The Kaplan-Meier survival curve shows that there was no statistically significant difference between the CV and RD groups. This result indicates that the RD group recipients can expect the same survival rate for liver transplantation as that of the CV group recipients. However, because the number of samples in the RD group in this study was not large, additional studies are needed.

Hepatic steatosis is very common; more than 20% of patients planned for liver resection have some degree of steatosis [5]. Marsman et al. showed that livers with up to 30% steatosis used for LDLT could result in a decreased rate of 4-month graft and 2-year patient survival rates [23]. Rinella et al. reported that a donor with BMI less than 25 has a low risk of hepatic steatosis [24]. Consequently, some institutions have tried to improve hepatic steatosis with weight reduction. For example, Hwang et al. educated their donors to adhere to a low-calorie balanced diet (25–30 calories×ideal body weight [kg] per day), aerobic exercise, and total abstinence from alcohol [14]. Nakamuta et al. treated donors with hepatic steatosis more strictly, with an initial oral diet intake of 1,400 kcal per day for 2 days, an then intake of 1,200 kcal per day orally for 2 days. The last-step maintenance oral diet intake was 1,000 kcal per day containing 131 g per day of carbohydrate, 92 g per day of protein, and 13 g per day of fat. Simultaneously, they educated donors to adhere to an exercise program with the goal of burning 600 kcal per day (200 kcal×3 exercise sessions), mainly with a stationary bike. For medication, donors were administered bezafibrate (400 mg/day) until the day of surgery [2]. Both studies showed improvement in hepatic steatosis in donors. LDLT was then performed without any adverse events in either donors or recipients. In addition to these studies, various combination therapies for steatosis with restricted diet and exercise have been reported [25-29].

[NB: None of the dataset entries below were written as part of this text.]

Lemma sign_pchar_expn r : (-1 : K) ^+ (p ^ r)%N = -1.
Proof.
have := exprDn_pchar 1 (-1 : K) (pchar_nat_expn r pcharKp).
rewrite subrr expr0n (gtn_eqF (pchar_expn_gt0 r)) expr1n.
by move/esym/eqP; rewrite addrC addr_eq0 => /eqP.
Qed.

Lemma binomial_pchar_predn_expn r b :
  (b < p ^ r)%N -> ('C((p ^ r).-1, b)%:R : K) = (-1) ^+ b.
Proof.
elim: b => [|b IH] b_lt; first by rewrite bin0 expr0.
have /eqP := @binomial_pchar_expn_eq0 r b.+1 b_lt.
rewrite -{1}(prednK (pchar_expn_gt0 r)) binS natrD IH ?(ltnW b_lt) // addr_eq0 => /eqP ->.
by rewrite exprS mulN1r.
Qed.

Lemma binomial_pchar_prednD_expn_eq0 r c b :
  (0 < c <= b)%N -> (b < p ^ r)%N -> ('C((p ^ r).-1 + c, b)%:R : K) = 0.
Proof.
elim: c b => [|c IH] [|b] //= cb b_lt.
case: c IH cb => [|c] IH cb.
  by rewrite addn1 prednK ?pchar_expn_gt0 // binomial_pchar_expn_eq0.
by rewrite addnS binS natrD !IH ?addr0 //; lia.
Qed.

End PcharBinomial.

Section ScalarPolynomials.
Variables (K : comPzRingType) (R : lmodType K).

Definition peval (N : nat) (c : nat -> R) (l : K) : R := \sum_(k < N) l ^+ k *: c k.

Definition vanish_from (N : nat) (c : nat -> R) : Prop := forall k, (N <= k)%N -> c k = 0.

Lemma peval_widen N M c l : vanish_from N c -> (N <= M)%N -> peval N c l = peval M c l.
Proof.
move=> c0 NM; rewrite /peval -(subnKC NM) big_split_ord /= [X in _ = _ + X]big1 ?addr0 //.
by move=> k _; rewrite c0 ?scaler0 // leq_addr.
Qed.

Lemma pevalD N (c1 c2 : nat -> R) l :
  peval N (fun k => c1 k + c2 k) l = peval N c1 l + peval N c2 l.
Proof. by rewrite /peval -big_split; apply: eq_bigr => k _; rewrite scalerDr. Qed.

Lemma pevalZ N (c : nat -> R) (a : K) l : peval N (fun k => a *: c k) l = a *: peval N c l.
Proof. by rewrite /peval scaler_sumr; apply: eq_bigr => k _; rewrite !scalerA mulrC. Qed.

Lemma peval_monomial N m (v : R) l :
  (m < N)%N -> peval N (fun k => (k == m)%:R *: v) l = l ^+ m *: v.
Proof.
move=> mN; rewrite /peval (eq_bigr (fun k : 'I_N =>
  if nat_of_ord k == m then l ^+ k *: v else 0)).
  by rewrite -big_mkcond (big_ord1_eq _ (fun k => l ^+ k *: v)) mN.
by move=> k _; case: eqP; rewrite ?scale1r ?scale0r ?scaler0.
Qed.

End ScalarPolynomials.

Section InfiniteDomain.
Variables (K : idomainType) (R : lmodType K).
Hypothesis K_infinite : infinite_type K.
Hypothesis R_torsion_free : torsion_free R.

Lemma uniq_seq_of_size N : exists s : seq K, uniq s /\ size s = N.
Proof.
elim: N => [|N [s [s_uniq s_size]]]; first by exists [::].
by have [z zs] := K_infinite s; exists (z :: s); rewrite /= zs s_uniq s_size.
Qed.

(* Evaluate at N distinct points: the Vandermonde matrix is invertible, and the
   adjugate recovers every coefficient up to the factor det, which acts
   injectively. *)
Lemma peval_eq0_coef N (c : nat -> R) :
  (forall l, peval N c l = 0) -> forall k, (k < N)%N -> c k = 0.
Proof.
move=> c_root k kN.
have [s [s_uniq s_size]] := uniq_seq_of_size N.
pose A : 'M[K]_N := (Vandermonde N (\row_j s`_j))^T.
have detA_neq0 : \det A != 0.
  rewrite det_tr det_Vandermonde; apply/prodf_neq0 => i _; apply/prodf_neq0 => j ij.
  rewrite !mxE subr_eq0; apply/negP => /eqP /(congr1 (index^~ s)).
  by rewrite !index_uniq ?s_size // => /val_inj eji; move: ij; rewrite eji ltnn.
have A_c : forall i : 'I_N, \sum_(j < N) A i j *: c j = 0.
  by move=> i; rewrite -[RHS](c_root s`_i) /peval; apply: eq_bigr => j _; rewrite !mxE.
have : \sum_(j < N) (\adj A *m A) (Ordinal kN) j *: c j = 0.
  under eq_bigr do rewrite mxE scaler_suml.
  rewrite exchange_big /=; apply: big1 => i _.
  by under eq_bigr do rewrite -scalerA; rewrite -scaler_sumr A_c scaler0.
rewrite mul_adj_mx (eq_bigr (fun j : 'I_N => if nat_of_ord j == k then \det A *: c j else 0)).
  rewrite -big_mkcond (big_ord1_eq _ (fun j => \det A *: c j)) kN.
  by case/R_torsion_free => // detA0; rewrite detA0 eqxx in detA_neq0.
move=> j _; rewrite !mxE -val_eqE /= eq_sym.
by case: eqP; rewrite ?mulr1n ?mulr0n ?scale0r.
Qed.

Lemma peval2_eq0_diag N (c : nat -> nat -> R) :
  (forall l : K, \sum_(a < N) \sum_(b < N) l ^+ (a + b) *: c a b = 0) ->
  forall e, (e < N)%N -> \sum_(a < e.+1) c a (e - a)%N = 0.
Proof.
move=> c_root e eN; rewrite -(sum_diag _ eN).
pose C k := \sum_(a < N) \sum_(b < N | (a + b == k)%N) c a b.
apply: (@peval_eq0_coef (N + N) C) => [l|]; last by rewrite ltn_addr.
rewrite -[RHS](c_root l) /peval /C.
under eq_bigr do rewrite scaler_sumr.
rewrite exchange_big /=; apply: eq_bigr => a _.
under eq_bigr do rewrite big_mkcond scaler_sumr.
rewrite exchange_big /=; apply: eq_bigr => b _.
rewrite (eq_bigr (fun k : 'I_(N + N) =>
  if nat_of_ord k == (a + b)%N then l ^+ k *: c a b else 0)); last first.
  by move=> k _; rewrite eq_sym; case: eqP => [->|]; rewrite ?scaler0.
rewrite -big_mkcond (big_ord1_eq _ (fun k => l ^+ k *: c a b)) ifT //.
by have := ltn_ord a; have := ltn_ord b; lia.
Qed.

End InfiniteDomain.

Section Linearization.
Variables (K : comPzRingType) (R : lmodType K) (mul : R -> R -> R).
Hypothesis Hmul : nu_assoc_alg mul.
Variables (y : R) (v : nat -> R).

Definition lin_subst (l : K) (i : nat) : R := y + l *: v i.

(* coefficients of [peval N c l * lin_subst l i], as a polynomial in l *)
Definition coefs_mulr (c : nat -> R) (i : nat) : nat -> R :=
  fun k => mul (c k) y + (if k is k'.+1 then mul (c k') (v i) else 0).

Definition lin_coefs (w : seq nat) : nat -> R :=
  if w is h :: t then
    foldl coefs_mulr (fun k => if k == 0%N then y else if k == 1%N then v h else 0) t
  else fun _ => 0.

Definition lin_part (w : seq nat) : R :=
  \sum_(j < size w) sandwich mul (v (nth 0%N w j)) y j ((size w).-1 - j).

Lemma peval_coefs_mulr c N l i : vanish_from N c ->
  mul (peval N c l) (lin_subst l i) = peval N.+1 (coefs_mulr c i) l.
Proof.
move=> c0.
have mul_y : \sum_(k < N.+1) l ^+ k *: mul (c k) y = mul (peval N c l) y.
  rewrite big_ord_recr /= c0 // (mul0m Hmul) scaler0 addr0 /peval (mulm_suml Hmul).
  by apply: eq_bigr => k _; rewrite (mulmZl Hmul).
have mul_v : \sum_(k < N.+1) l ^+ k *: (if nat_of_ord k is k'.+1 then mul (c k') (v i) else 0)
    = l *: mul (peval N c l) (v i).
  rewrite big_ord_recl /= scaler0 add0r /peval (mulm_suml Hmul) scaler_sumr.
  by apply: eq_bigr => k _; rewrite (mulmZl Hmul) scalerA exprS.
rewrite [RHS]/peval /coefs_mulr; under eq_bigr do rewrite scalerDr.
by rewrite big_split /= mul_y mul_v (mulmDr Hmul) (mulmZr Hmul).
Qed.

The same results were obtained with the simple treatment of weight reduction in the current study. Because this method is more efficient and simpler to comply with, it is a promising way to ensure the safety of donors and expand the pool of available liver transplant donors.

The Asian population tends to have a higher percentage of non-obese patients with nonalcoholic fatty liver disease (NAFLD) than the Western population [30]. Therefore, prevalence of low BMI and hepatic steatosis may be high. For example, prevalence of NAFLD in non-obese patients was 16.14% in Korea [31]. Our study excluded donors with hepatic steatosis but with low BMI from the RD group. Therefore, further studies are required of donors with hepatic steatosis and low BMI, with the goal of expanding the donor pool.

This study should be interpreted with certain limitations in mind. It was retrospective and conducted at a single center with a small number of subjects.

Conclusions

Simple weight reduction improves steatosis and contributes to safer LDLT for both recipients and donors. Importantly, our findings indicate that even steatotic livers can be used for LDLT after the donors adhere to a simple weight reduction protocol.